== SUPPLIED ENTRIES ==
● ● ● ●
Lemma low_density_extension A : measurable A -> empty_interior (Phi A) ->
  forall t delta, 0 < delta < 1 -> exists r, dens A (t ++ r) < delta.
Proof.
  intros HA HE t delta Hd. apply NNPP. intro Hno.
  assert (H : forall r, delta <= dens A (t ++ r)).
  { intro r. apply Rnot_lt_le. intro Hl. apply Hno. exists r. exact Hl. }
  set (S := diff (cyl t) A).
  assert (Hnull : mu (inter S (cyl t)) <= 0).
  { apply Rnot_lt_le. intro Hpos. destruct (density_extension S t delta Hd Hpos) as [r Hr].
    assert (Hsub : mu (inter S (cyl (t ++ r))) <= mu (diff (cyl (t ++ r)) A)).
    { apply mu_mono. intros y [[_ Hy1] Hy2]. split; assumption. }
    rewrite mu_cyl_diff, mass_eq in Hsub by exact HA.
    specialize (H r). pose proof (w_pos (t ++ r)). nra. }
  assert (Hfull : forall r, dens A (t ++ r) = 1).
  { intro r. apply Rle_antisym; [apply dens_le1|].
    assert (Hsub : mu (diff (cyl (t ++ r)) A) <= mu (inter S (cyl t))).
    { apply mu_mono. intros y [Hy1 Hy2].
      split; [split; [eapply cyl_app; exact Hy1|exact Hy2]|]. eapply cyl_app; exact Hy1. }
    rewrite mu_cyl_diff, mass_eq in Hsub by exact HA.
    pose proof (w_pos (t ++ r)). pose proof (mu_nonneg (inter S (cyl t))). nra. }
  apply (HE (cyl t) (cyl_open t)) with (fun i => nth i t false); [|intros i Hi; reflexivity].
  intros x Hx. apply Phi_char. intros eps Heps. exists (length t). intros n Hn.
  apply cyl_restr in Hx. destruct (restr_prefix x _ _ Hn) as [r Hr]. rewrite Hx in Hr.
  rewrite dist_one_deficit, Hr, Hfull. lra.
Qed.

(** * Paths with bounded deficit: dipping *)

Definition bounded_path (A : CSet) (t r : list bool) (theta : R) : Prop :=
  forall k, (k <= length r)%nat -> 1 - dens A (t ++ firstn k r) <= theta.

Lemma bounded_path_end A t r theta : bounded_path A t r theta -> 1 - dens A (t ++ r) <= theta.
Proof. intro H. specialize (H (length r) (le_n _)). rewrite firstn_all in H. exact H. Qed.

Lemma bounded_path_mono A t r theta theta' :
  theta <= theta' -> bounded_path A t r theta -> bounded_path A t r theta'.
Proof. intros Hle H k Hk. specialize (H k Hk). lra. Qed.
● ● ● ●
== WHAT THE EXERCISE ASKS ==
Send back all of the entries exactly, with nothing missing.

== RESPONSE TO THE TASK ==
Lemma low_density_extension A : measurable A -> empty_interior (Phi A) ->
  forall t delta, 0 < delta < 1 -> exists r, dens A (t ++ r) < delta.
Proof.
  intros HA HE t delta Hd. apply NNPP. intro Hno.
  assert (H : forall r, delta <= dens A (t ++ r)).
  { intro r. apply Rnot_lt_le. intro Hl. apply Hno. exists r. exact Hl. }
  set (S := diff (cyl t) A).
  assert (Hnull : mu (inter S (cyl t)) <= 0).
  { apply Rnot_lt_le. intro Hpos. destruct (density_extension S t delta Hd Hpos) as [r Hr].
    assert (Hsub : mu (inter S (cyl (t ++ r))) <= mu (diff (cyl (t ++ r)) A)).
    { apply mu_mono. intros y [[_ Hy1] Hy2]. split; assumption. }
    rewrite mu_cyl_diff, mass_eq in Hsub by exact HA.
    specialize (H r). pose proof (w_pos (t ++ r)). nra. }
  assert (Hfull : forall r, dens A (t ++ r) = 1).
  { intro r. apply Rle_antisym; [apply dens_le1|].
    assert (Hsub : mu (diff (cyl (t ++ r)) A) <= mu (inter S (cyl t))).
    { apply mu_mono. intros y [Hy1 Hy2].
      split; [split; [eapply cyl_app; exact Hy1|exact Hy2]|]. eapply cyl_app; exact Hy1. }
    rewrite mu_cyl_diff, mass_eq in Hsub by exact HA.
    pose proof (w_pos (t ++ r)). pose proof (mu_nonneg (inter S (cyl t))). nra. }
  apply (HE (cyl t) (cyl_open t)) with (fun i => nth i t false); [|intros i Hi; reflexivity].
  intros x Hx. apply Phi_char. intros eps Heps. exists (length t). intros n Hn.
  apply cyl_restr in Hx. destruct (restr_prefix x _ _ Hn) as [r Hr]. rewrite Hx in Hr.
  rewrite dist_one_deficit, Hr, Hfull. lra.
Qed.

(** * Paths with bounded deficit: dipping *)

Definition bounded_path (A : CSet) (t r : list bool) (theta : R) : Prop :=
  forall k, (k <= length r)%nat -> 1 - dens A (t ++ firstn k r) <= theta.

Lemma bounded_path_end A t r theta : bounded_path A t r theta -> 1 - dens A (t ++ r) <= theta.
Proof. intro H. specialize (H (length r) (le_n _)). rewrite firstn_all in H. exact H. Qed.

Lemma bounded_path_mono A t r theta theta' :
  theta <= theta' -> bounded_path A t r theta -> bounded_path A t r theta'.
Proof. intros Hle H k Hk. specialize (H k Hk). lra. Qed.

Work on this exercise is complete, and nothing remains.